Stuck on 4.12? Faster average ≠ better choice when planning — variability matters for deadlines.

5. Self-check the easy 3

Tick the first three once you've checked your method works.

For 4.1 I read the medians and chose the larger one as "higher" without confusing centre with spread.

For 4.2 I chose the machine with the smaller IQR as more consistent (not larger).

For 4.4 (P), I calculated IQR = Q3 − Q1 = 75 − 55 = 20.

How did this worksheet feel?

Got it Partly Lost

What I'll revisit before next class:

Answers — Do not peek before attempting

Q1.1 — Four lenses

Centre, spread, shape, outliers.

Q1.2 — Match measures

Median = centre. IQR = spread. Mean = centre. SD = spread.

Q1.3 — Smaller IQR = more consistent

True. A smaller IQR means the middle 50% of data is more tightly clustered.

Q3 — Faded example (Team A vs B)

Team A mean = 80, Team B mean = 75 → Team A has higher typical score. SD A = 5, SD B = 12 → Team A has smaller SD, more consistent. Comparative sentence: "Team A scores higher on average and is more consistent than Team B."

Q4.1 — Group medians

Group 2 (70) > Group 1 (65). Group 2 is higher.

Q4.2 — Machine IQRs

IQR A = 2 mm < IQR B = 5 mm → Machine A is more consistent.

Q4.3 — School SDs

SD B = 15 > SD A = 8 → School B is more variable.

Q4.4 — IQR of box plot P

IQR = Q3 − Q1 = 75 − 55 = 20.

Q4.5 — Group 1 vs Group 2

"Group 2 has the higher mean (70 vs 65) but is much more variable (SD 15 vs 8) than Group 1."
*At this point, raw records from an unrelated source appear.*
Lemma ppsi_eq0 x xi : ppsi G f x xi = 0 ->
  xi 0 ord0 = 0 /\ gq G (nrm x) (tang x) (tang xi) = dpsiN f (nrm x) ^+ 2.
Proof.
move=> p0; have [] : Re_ppsi x xi = 0 /\ Im_ppsi x xi = 0.
  by rewrite -Re_ppsiE -Im_ppsiE /= p0.
rewrite /Re_ppsi /Im_ppsi => Re0 /eqP.
rewrite !mulf_eq0 (gt_eqF (dpsiN_gt0 _ _)) pnatr_eq0 orbF /= => /eqP xi0.
by split=> //; move: Re0; rewrite xi0; lra.
Qed.

Local Notation h x := (dpsiN f (nrm x)).

Lemma derive_Re_ppsi_xi0 x xi : derive (Re_ppsi x) xi (e ord0) = 2 * xi 0 ord0.
Proof.
pose c := - h x ^+ 2 + gq G (nrm x) (tang x) (tang xi).
apply: (@derive_line _ _ _ _ _ _ ((shift (xi 0 ord0)) ^+ 2 + cst c)) => [|s].
  by apply: is_derive_eq; rewrite /= add0r expr1 addr0 addr0 [_ *: 1]mulr1.
by rewrite /Re_ppsi line_coordE tang_line0 eqxx mulr1 /= addrA.
Qed.

Lemma derive_Im_ppsi_xi0 x xi : derive (Im_ppsi x) xi (e ord0) = 2 * h x.
Proof.
apply: (@derive_line _ _ _ _ _ _ ((2 * h x) \*: shift (xi 0 ord0))) => [|s].
  by apply: is_derive_eq; rewrite addr0 [_ *: 1]mulr1.
by rewrite /Im_ppsi line_coordE eqxx mulr1 /= mulrAC.
Qed.

Lemma derive_Im_ppsi_x0 x xi :
  derive (Im_ppsi ^~ xi) x (e ord0) = 2 * xi 0 ord0 * (h x * (f (nrm x) / 2)).
Proof.
apply: (derive_line (is_deriveZ (2 * xi 0 ord0)
  (is_derive0_shift (is_derive_dpsiN cf (nrm x))))) => s.
by rewrite /Im_ppsi nrm_line eqxx mulr1.
Qed.

Lemma derive_Re_ppsi_x0 x xi :
  derivable (fun t => gq G t (tang x) (tang xi)) (nrm x) 1 ->
  derive (Re_ppsi ^~ xi) x (e ord0) =
    - (2 * h x * (h x * (f (nrm x) / 2))) + dtg G (nrm x) (tang x) (tang xi).
Proof.
move=> /derivableP/is_derive0_shift dg.
have dh := is_derive0_shift (is_derive_dpsiN cf (nrm x)).
have dsq := is_deriveB (is_derive_cst (xi 0 ord0 ^+ 2) (0 : R) (1 : R)) (is_deriveX 2 dh).
apply: (derive_line (is_derive_eq (is_deriveD dsq dg) _)) => [|s].
  by rewrite /= !add0r expr1.
by rewrite /Re_ppsi nrm_line tang_line0 eqxx mulr1.
Qed.

Lemma derive_Im_ppsi_tang x xi i :
  derive (Im_ppsi ^~ xi) x (e (lift ord0 i)) = 0 /\
  derive (Im_ppsi x) xi (e (lift ord0 i)) = 0.
Proof.
split; apply: (derive_line (is_derive_cst (Im_ppsi x xi) (0 : R) (1 : R))) => s /=.
- by rewrite /Im_ppsi nrm_line lift_eqF mulr0 add0r.
- by rewrite /Im_ppsi line_coordE lift_eqF mulr0 add0r.
Qed.

Local Notation bracket := (poisson (fun x xi => complex.Re (ppsi G f x xi))
                                   (fun x xi => complex.Im (ppsi G f x xi))).

Lemma poisson_ppsiE x xi :
  derivable (fun t => gq G t (tang x) (tang xi)) (nrm x) 1 ->
  bracket x xi = 2 * h x *
    ((xi 0 ord0 ^+ 2 + h x ^+ 2) * f (nrm x) - dtg G (nrm x) (tang x) (tang xi)).
Proof.
move=> dg; rewrite Re_ppsiE Im_ppsiE /poisson.
(* Each rewrite is confined to one factor: unifying a derivative of [Re_ppsi]
   with one of [Im_ppsi] unfolds both and is prohibitively slow. *)
rewrite big_ord_recl big1 => [|i _].
  rewrite addr0 [X in X * _ - _]derive_Re_ppsi_xi0.
  rewrite [X in _ * X - _]derive_Im_ppsi_x0 [X in _ - _ * X]derive_Im_ppsi_xi0.
  by rewrite [X in _ - X * _](derive_Re_ppsi_x0 dg); field.
have [Dx Dxi] := derive_Im_ppsi_tang x xi i.
by rewrite [X in _ * X - _]Dx [X in _ - _ * X]Dxi !mulr0 subrr.
Qed.

Lemma poisson_ppsi_char x xi :
  derivable (fun t => gq G t (tang x) (tang xi)) (nrm x) 1 ->
  ppsi G f x xi = 0 ->
  exists2 w, gq G (nrm x) (tang x) w = 1 &
    bracket x xi = 2 * h x ^+ 3 * (f (nrm x) - dtg G (nrm x) (tang x) w).
Proof.
move=> dg /ppsi_eq0[xi0 gxi]; have hx0 := gt_eqF (dpsiN_gt0 f (nrm x)).
exists ((h x)^-1 *: tang xi).
  by rewrite gqZ gxi exprVn mulVf // expf_eq0 hx0 andbF.
rewrite poisson_ppsiE // xi0 dtgZ // exprVn.
by field; rewrite hx0.
Qed.
End PsiSymbol.
End Fermi.

Theorem mainTheorem4 (R : realType) (n : nat) (U : set 'rV[R]_n) (r : R)
  (G : R -> 'rV[R]_n -> 'M[R]_n) (f : R -> R) (delta : R) :
  0 < r -> 0 < delta ->
  (* g is a Riemannian metric on the tangential directions *)
  (forall t x', 0 <= t < r -> U x' -> (G t x')^T = G t x') ->
  (forall t x' v, 0 <= t < r -> U x' -> v != 0 -> 0 < gq G t x' v) ->
  (* differentiability of the metric in the normal variable *)
  (forall t x' (i j : 'I_n), 0 <= t < r -> U x' ->
     derivable (fun s => G s x' i j) t 1) ->
  (* f_delta regular *)
  continuous f ->
  (* the sup is finite, and the hypothesis on f_delta *)
  (forall t, 0 <= t < r -> has_ubound (dtg_set G U t)) ->
  (forall t, 0 <= t < r ->
     delta <= f t - sup (dtg_set G U t) <= 2 * delta) ->
  exists C : R, 0 < C /\
    forall x xi : 'rV[R]_n.+1, 0 <= nrm x < r -> U (tang x) ->
      ppsi G f x xi = 0 ->
      C <= poisson (fun y eta => complex.Re (ppsi G f y eta))
                   (fun y eta => complex.Im (ppsi G f y eta)) x xi.
Proof.
move=> r0 delta0 _ _ dG cf hub hf.
have [c _ hmin] : exists2 c, c \in `[0, r] &
    forall t, t \in `[0, r] -> dpsiN f c <= dpsiN f t.
  by apply: EVT_min; [exact: ltW | exact/continuous_subspaceT/continuous_dpsiN].
have hnn t : 0 <= dpsiN f t := ltW (dpsiN_gt0 f t).
exists (2 * delta * dpsiN f c ^+ 3); split.
  by rewrite !mulr_gt0 ?exprn_gt0 ?dpsiN_gt0.
move=> x xi xr Ux Pz.
have dg := gq_derivable (v := tang xi) (fun i j => dG _ _ i j xr Ux).
have [w gw ->] := poisson_ppsi_char cf dg Pz.
have Dw : dtg G (nrm x) (tang x) w <= sup (dtg_set G U (nrm x)).
  apply: sup_upper_bound; last by exists (tang x), w.
  by split; [exists (dtg G (nrm x) (tang x) w), (tang x), w | exact: hub].
have /andP[fD _] := hf _ xr.
have hx : nrm x \in `[0, r] by case/andP: xr => x0 xr; rewrite in_itv /= x0 ltW.
have h3 := lerXn2r 3 (hnn c) (hnn (nrm x)) (hmin _ hx).
(* Stated over fresh variables so that [nra] never tries to unfold [dtg] or [dpsiN]. *)
have key (a b F S D : R) : 0 <= a -> a <= b -> delta <= F - S -> D <= S ->
    2 * delta * a <= 2 * b * (F - D) by nra.
exact: key (exprn_ge0 3 (hnn c)) h3 fD Dw.
Qed.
Q4.6 — School A vs School B

School A has the higher median (80 vs 78) and the smaller IQR (10 vs 18), so School A has stronger and more consistent results.

Q4.7 — Factory A vs B

(i) Centre: B's mean (50.5 mm) is slightly higher than A's (50 mm). (ii) Spread: A's SD (1 mm) is much smaller than B's (3 mm), so A is much more consistent.

Q4.8 — Class P vs Class Q

(i) Class P median = 68, range = 75 − 60 = 15. Class Q median = 65, range = 90 − 50 = 40.
(ii) Class Q is much more spread out (range 40 vs 15).
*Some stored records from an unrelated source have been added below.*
Lemma finite_types_within :
  exists m (L : 'I_m -> ttype n),
    forall T, type_within A F D T -> exists i, ttype_iso T (L i).
Proof.
apply: (finite_iso_classes_of_decode (decode := decode_type)).
move=> T [nV_le nF_le wt_le dir_le].
have nV_lt : (nV T < A.+1)%N by rewrite ltnS.
have nF_lt : (nF T < F.+1)%N by rewrite ltnS.
pose c : code (nV T) (nF T) := ([ffun f => fv f], [ffun f => opp_flag f],
  [ffun f => inord (wt f)], [ffun f => [ffun j => inord (absz (dir f 0 j + D%:Z))]]).
exists (existT (fun ab : 'I_A.+1 * 'I_F.+1 => code ab.1 ab.2)
  (Ordinal nV_lt, Ordinal nF_lt) c).
exists id, id; split; first by exists id.
split; first by exists id.
split=> [f|]; first by rewrite /= ffunE.
split=> [f|]; first by rewrite /= ffunE.
split=> f; first by rewrite /= ffunE inordK // ltnS.
apply/rowP => j; rewrite /= mxE !ffunE; have := dir_le f j; set x := dir f 0 j.
rewrite -abszE; clearbody x => x_le; rewrite inordK; lia.
Qed.

End FiniteTypes.

Theorem proposition2p1 (n : nat) (hn : (2 <= n)%N)
  (Delta : 'rV[int]_n -> nat) (g : nat) :
  exists (m : nat) (L : 'I_m -> ttype n),
    forall T : ttype n,
      is_open_graph T -> has_degree Delta T -> genus T = g -> realized T ->
      exists i : 'I_m, ttype_iso T (L i).
Proof.
have [[T0 [og0 degT0 _ [h0 tc0]]]|no_curve] := classic (exists T0 : ttype n,
  [/\ is_open_graph T0, has_degree Delta T0, genus T0 = g & realized T0]); last first.
  have [m [L _]] := finite_types_within n 0 0 0.
  by exists m, L => T ogT degT gT reT; case: no_curve; exists T.
have wdirT0_neq0 := wdir_neq0 og0 tc0.
pose K := #|ends T0|; pose D := ((K + 1) * end_bound T0)%N.
have [m [L isoL]] := finite_types_within n (2 * g + K + 1) (6 * g + 3 * K + 3) D.
exists m, L => T ogT degT gT [h tc]; apply: isoL.
have [nV_le nF_le] := size_bounds ogT.
rewrite gT (card_ends_eq degT degT0 (wdir_neq0 ogT tc) wdirT0_neq0) in nV_le nF_le.
have flag_le f := primitive_scale_bound (dir_primitive tc (f := f)) (wt_gt0 ogT f)
  (wdir_coord_bound degT0 wdirT0_neq0 ogT degT tc f).
by split=> // f; [case: (flag_le f) | case: (flag_le f) => _; apply].
Qed.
Q4.9 — Same mean, different SDs

Both classes have an average mark of 70, but Class C's marks cluster tightly around 70 (SD 5), while Class D's marks are widely spread (SD 15). Class D has many marks far below and far above 70, while Class C has marks bunched close to 70.
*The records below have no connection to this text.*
Lemma grant_at (i : 'I_n) rem p q : i \notin p -> i \notin q ->
  (\sum_(e <- hrg_grant s rem (p ++ i :: q) | e.1 == i) e.2 =
   minn (s i).1 (rem - minn rem (\sum_(j <- p) (s j).1)))%N.
Proof.
move=> ip iq; rewrite grant_cat big_cat grant_notin //= big_cons eqxx.
by rewrite grant_notin // addn0.
Qed.

End Grants.

Lemma pairwise_upclosed_split (T : eqType) (r : rel T) (P : pred T) (xs : seq T) :
  (forall a b, r a b -> P b -> P a) -> pairwise r xs ->
  xs = filter P xs ++ filter (predC P) xs.
Proof.
move=> up; elim: xs => [|a xs IH] //= /andP[ra_xs /IH {1}->].
case: ifP => Pa //=; rewrite (@eq_in_filter _ P pred0) ?filter_pred0 //.
by move=> b /(allP ra_xs) /up/contraFF; apply.
Qed.

Lemma sum_grants_by_player (n : nat) (P : pred 'I_n) (G : seq ('I_n * nat)) :
  (\sum_(j | P j) \sum_(e <- G | e.1 == j) e.2 = \sum_(e <- G | P e.1) e.2)%N.
Proof.
rewrite (exchange_big_dep (fun e : 'I_n * nat => P e.1)) => [|j e Pj /eqP -> //] /=.
apply: eq_bigr => e Pe; rewrite (big_pred1 e.1) // => j /=.
by apply/andP/eqP => [[_ /eqP ->] | ->].
Qed.

Section Priority.
Variables (R : realFieldType) (n m : nat) (t : 'I_n -> strategy R).

Lemma hrg_before_trans : transitive (hrg_before t).
Proof.
move=> b a c; rewrite /hrg_before.
move=> /orP[h1|/andP[/eqP e1 l1]] /orP[h2|/andP[/eqP e2 l2]]; apply/orP.
- by left; apply: lt_trans h2 h1.
- by left; rewrite -e2.
- by left; rewrite e1.
- by right; rewrite e1 e2 eqxx (leq_trans l1 l2).
Qed.

Lemma hrg_before_total : total (hrg_before t).
Proof.
move=> a b; rewrite /hrg_before.
by case: (ltgtP (Defs.ratio (t a)) (Defs.ratio (t b))) => //= _; apply: leq_total.
Qed.

Lemma hrg_before_ratio a b : hrg_before t a b -> Defs.ratio (t b) <= Defs.ratio (t a).
Proof. by case/orP => [/ltW | /andP[/eqP -> _]]. Qed.

Lemma hrg_order_perm : perm_eq (hrg_order t) (enum 'I_n).
Proof. by rewrite /hrg_order perm_sort. Qed.

Lemma hrg_order_uniq : uniq (hrg_order t).
Proof. by rewrite /hrg_order sort_uniq enum_uniq. Qed.

Lemma hrg_order_pairwise : pairwise (hrg_before t) (hrg_order t).
Proof.
rewrite -sorted_pairwise; last exact: hrg_before_trans.
exact: (sort_sorted hrg_before_total).
Qed.

Lemma hrg_alloc_after_predecessors i : exists p : seq 'I_n,
  [/\ {in p, forall j, hrg_before t j i}, uniq (i :: p) &
      hrg_alloc m t i = minn (t i).1 (m - minn m (\sum_(j <- p) (t j).1))].
Proof.
have i_in : i \in hrg_order t by rewrite /hrg_order mem_sort mem_enum.
move: hrg_order_uniq hrg_order_pairwise; rewrite /hrg_alloc.
case/splitPr: i_in => p q; rewrite cat_uniq pairwise_cat /=.
case/and3P=> p_uniq /norP[ip _] /andP[iq _] /and3P[before_i _ _].
exists p; split; last exact: grant_at.
- by move=> j jp; apply: (allrelP before_i); rewrite ?mem_head.
- by rewrite /= ip.
Qed.

Lemma hrg_alloc_le_request i : (hrg_alloc m t i <= (t i).1)%N.
Proof. by have [p [_ _ ->]] := hrg_alloc_after_predecessors i; apply: geq_minl. Qed.

Lemma hrg_alloc_full i : (\sum_j (t j).1 <= m)%N -> hrg_alloc m t i = (t i).1.
Proof.
move=> fits; have [p [_ ip_uniq ->]] := hrg_alloc_after_predecessors i.
have: (\sum_(j <- i :: p) (t j).1 <= \sum_j (t j).1)%N.
  by rewrite big_uniq // [leqRHS](bigID (mem (i :: p))) leq_addr.
by rewrite big_cons; lia.
Qed.

Lemma hrg_alloc_upclosed (P : pred 'I_n) :
  (forall a b, hrg_before t a b -> P b -> P a) ->
  (minn m (\sum_(j | P j) (t j).1) <= \sum_(j | P j) hrg_alloc m t j)%N.
Proof.
move=> up; rewrite /hrg_alloc sum_grants_by_player.
rewrite (pairwise_upclosed_split up hrg_order_pairwise) grant_cat big_cat /=.
have -> : (\sum_(j | P j) (t j).1 = \sum_(j <- filter P (hrg_order t)) (t j).1)%N.
  by rewrite big_filter (perm_big _ hrg_order_perm) big_enum_cond.
rewrite -grant_total; apply: leq_trans (leq_addr _ _).
rewrite big_seq_cond [leqRHS]big_seq_cond; apply/eq_leq/eq_bigl => e /=.
case eG: (e \in _) => //=; symmetry.
by have := map_f fst eG; rewrite grant_players mem_filter => /andP[].
Qed.
End Priority.

Lemma hrg_deviation_shortfall (R : realFieldType) (n m : nat)
    (s : 'I_n -> strategy R) (i : 'I_n) (x : nat) (a : R) :
  (hrg_alloc m (replace_strat s i (x, a)) i < x)%N ->
  (m - hrg_alloc m (replace_strat s i (x, a)) i <=
   \sum_(j | (Defs.ratio (x, a) <= Defs.ratio (s j))%R) hrg_alloc m s j)%N.
Proof.
set s' := replace_strat s i (x, a) => short.
pose P j := Defs.ratio (x, a) <= Defs.ratio (s j).
have [p [before ip_uniq alloc]] := hrg_alloc_after_predecessors m s' i.
have s'i : s' i = (x, a) by rewrite /s' /replace_strat eqxx.
have in_p j : j \in p -> P j && (s' j == s j).
  move=> jp; have ji : j != i by apply: contraTneq jp => ->; case/andP: ip_uniq.
  have := hrg_before_ratio (before j jp).
  by rewrite /P /s' /replace_strat (negbTE ji) !eqxx andbT.
have demand : (\sum_(j <- p) (s' j).1 <= \sum_(j | P j) (s j).1)%N.
  rewrite (eq_big_seq (fun j => (s j).1)) => [|j /in_p /andP[_ /eqP ->] //].
  move: ip_uniq => /andP[_ p_uniq]; rewrite big_uniq // big_mkcond [leqRHS]big_mkcond.
  by apply: leq_sum => j _; case: ifP => // /in_p /andP[-> _].
have up j k : hrg_before s j k -> P k -> P j.
  by move/hrg_before_ratio; rewrite /P => kj xk; apply: le_trans xk kj.
have served := @hrg_alloc_upclosed R n m s P up.
move: short demand served; rewrite alloc s'i /=.
move: (\sum_(j <- p) _)%N (\sum_(j | P j) (s j).1)%N (\sum_(j | P j) hrg_alloc m s j)%N.
lia.
Qed.

Section Concavity.
Variables (R : realFieldType) (m : nat) (v : nat -> R) (hv : valuation m v).

Lemma valuation_ge0 x : (x <= m)%N -> 0 <= v x.
Proof.
case: hv => v0 v_incr _; elim: x => [|x IH] x_le; first by rewrite v0.
exact: le_trans (IH (ltnW x_le)) (v_incr _ x_le).
Qed.

Lemma valuation_marginal x : (x < m)%N -> x%:R * (v x.+1 - v x) <= v x.
Proof.
case: hv => v0 _ v_conc; elim: x => [|x IH] x_lt; first by rewrite mul0r v0.
have := IH (ltnW x_lt); have := v_conc x.+1 isT x_lt; rewrite /=.
have := ler0n R x; rewrite -natr1; nra.
Qed.

Lemma valuation_chord x y : (x <= y)%N -> (y <= m)%N -> x%:R * v y <= y%:R * v x.
Proof.
case: x => [|x]; first by case: hv => v0 _ _; rewrite v0 mul0r mulr0.
elim: y => [|y IH] //; rewrite leq_eqVlt ltnS => /orP[/eqP -> // | x_le] y_lt.
have chord := IH x_le (ltnW y_lt); have marg := valuation_marginal y_lt.
have y_gt0 : 0 < y%:R :> R by rewrite ltr0n (leq_trans _ x_le).
have x_ge0 := ler0n R x.+1.
have gain : x.+1%:R * (v y.+1 - v y) <= v x.+1.
  rewrite -(ler_pM2l y_gt0) mulrCA; apply: le_trans chord.
  by rewrite ler_wpM2l.
rewrite -natr1; nra.
Qed.

End Concavity.

Section Requests.
Variables (R : realFieldType) (m : nat) (v : nat -> R) (hv : valuation m v).

Lemma ratio_ge0 (r : strategy R) : valid_req m v r -> 0 <= Defs.ratio r.
Proof. by case=> _ r2_ge0 _; rewrite divr_ge0. Qed.

Lemma truthful_req_valid x : (x <= m)%N -> valid_req m v (x, v x).
Proof. by move=> x_le; split=> //=; apply: (valuation_ge0 hv). Qed.

Lemma grant_value (r : strategy R) g :
  valid_req m v r -> (g <= r.1)%N -> g%:R * Defs.ratio r <= v g.
Proof.
case: r => [[|x] a] [/= x_le a_ge0 a_le] g_le.
  by move: g_le; rewrite leqn0 => /eqP ->; rewrite mul0r (valuation_ge0 hv).
have x_gt0 : 0 < x.+1%:R :> R by rewrite ltr0Sn.
apply: le_trans (_ : g%:R * (v x.+1 / x.+1%:R) <= _).
  by rewrite ler_wpM2l // ler_pM2r // invr_gt0.
by rewrite mulrA ler_pdivrMr // [v g * _]mulrC (valuation_chord hv).
Qed.

Lemma shortfall_loss x o : (x <= o)%N -> (o <= m)%N ->
  v o - (o - x)%:R * Defs.ratio (o, v o) <= v x.
Proof.
case: o => [|o] x_le o_le.
  by move: x_le; rewrite leqn0 => /eqP ->; rewrite mul0r subr0.
have o_gt0 : 0 < o.+1%:R :> R by rewrite ltr0Sn.
have -> : v o.+1 - (o.+1 - x)%:R * Defs.ratio (o.+1, v o.+1)
        = x%:R * v o.+1 / o.+1%:R.
  by rewrite /Defs.ratio natrB //=; field; rewrite addrC natr1 lt0r_neq0.
by rewrite ler_pdivrMr // [v x * _]mulrC (valuation_chord hv).
Qed.

End Requests.

Lemma total_shortfall_le (I : finType) (m : nat) (o x : I -> nat) (i : I) :
  (\sum_j o j <= m)%N -> (forall j, x j <= o j)%N ->
  (\sum_j (o j - x j) <= m - x i)%N.
Proof.
move=> fits x_le; rewrite (bigD1 i) //= in fits; rewrite (bigD1 i) //=.
have : (\sum_(j | j != i) (o j - x j) <= \sum_(j | j != i) o j)%N.
  by apply: leq_sum => j _; apply: leq_subr.
have := x_le i; lia.
Qed.

Lemma weighted_charging (R : realFieldType) (I J : finType)
    (d r : I -> R) (g rho : J -> R) :
  (forall i, 0 <= d i) -> (forall i, 0 <= r i) ->
  (forall j, 0 <= g j) -> (forall j, 0 <= rho j) ->
  (forall i, d i != 0 -> \sum_i' d i' <= \sum_(j | r i <= rho j) g j) ->
  \sum_i d i * r i <= \sum_j g j * rho j.
Proof.
move=> d_ge0 r_ge0 g_ge0 rho_ge0 covered.
case: (pickP (fun i => d i != 0)) => [i0 di0 | d_eq0]; last first.
  rewrite big1 => [|i _]; first by apply: sumr_ge0 => j _; rewrite mulr_ge0.
  by move/negbFE/eqP: (d_eq0 i) ->; rewrite mul0r.
(* k carries the largest threshold among the i with d i > 0 *)
case: (@arg_maxP _ _ _ i0 (fun i => d i != 0) r di0) => k dk k_max.
have : \sum_i d i * r i <= (\sum_i d i) * r k.
  rewrite mulr_suml; apply: ler_sum => i _.
  by have [->|/k_max ri_le] := eqVneq (d i) 0; rewrite ?mul0r // ler_wpM2l.
move/le_trans; apply; apply: le_trans (ler_wpM2r (r_ge0 k) (covered k dk)) _.
rewrite mulr_suml [X in X <= _]big_mkcond /=; apply: ler_sum => j _.
by case: ifP => [/ler_wpM2l->|_]; rewrite ?mulr_ge0.
Qed.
Q4.10 — Team U vs V (same median)

IQR U = 65 − 55 = 10. IQR V = 75 − 45 = 30. Team U is much more consistent despite identical medians.

Q4.11 — School X vs Y (full comparison)

Centre: School X median (82) > School Y median (80). Spread: School X IQR (8) < School Y IQR (15), so X is more consistent. Shape: with high outliers, School X is slightly right-skewed; School Y is more symmetric. Outliers: School X has two high outliers at 95 (some exceptional achievers); School Y has none. Overall: School X has stronger, more consistent results with a few exceptional students; School Y has slightly weaker typical performance and wider variability.

Q4.12 — Treatment A vs B

(i) Treatment B is faster on average (8 days vs 10).
(ii) Treatment A is more predictable (SD 2 vs 4).
(iii) For a fixed deadline, choose Treatment A: although it is slower on average, its low variability means recovery time is more reliable for planning. (Treatment B could finish in 4 days but might take 16 — too risky for a deadline.)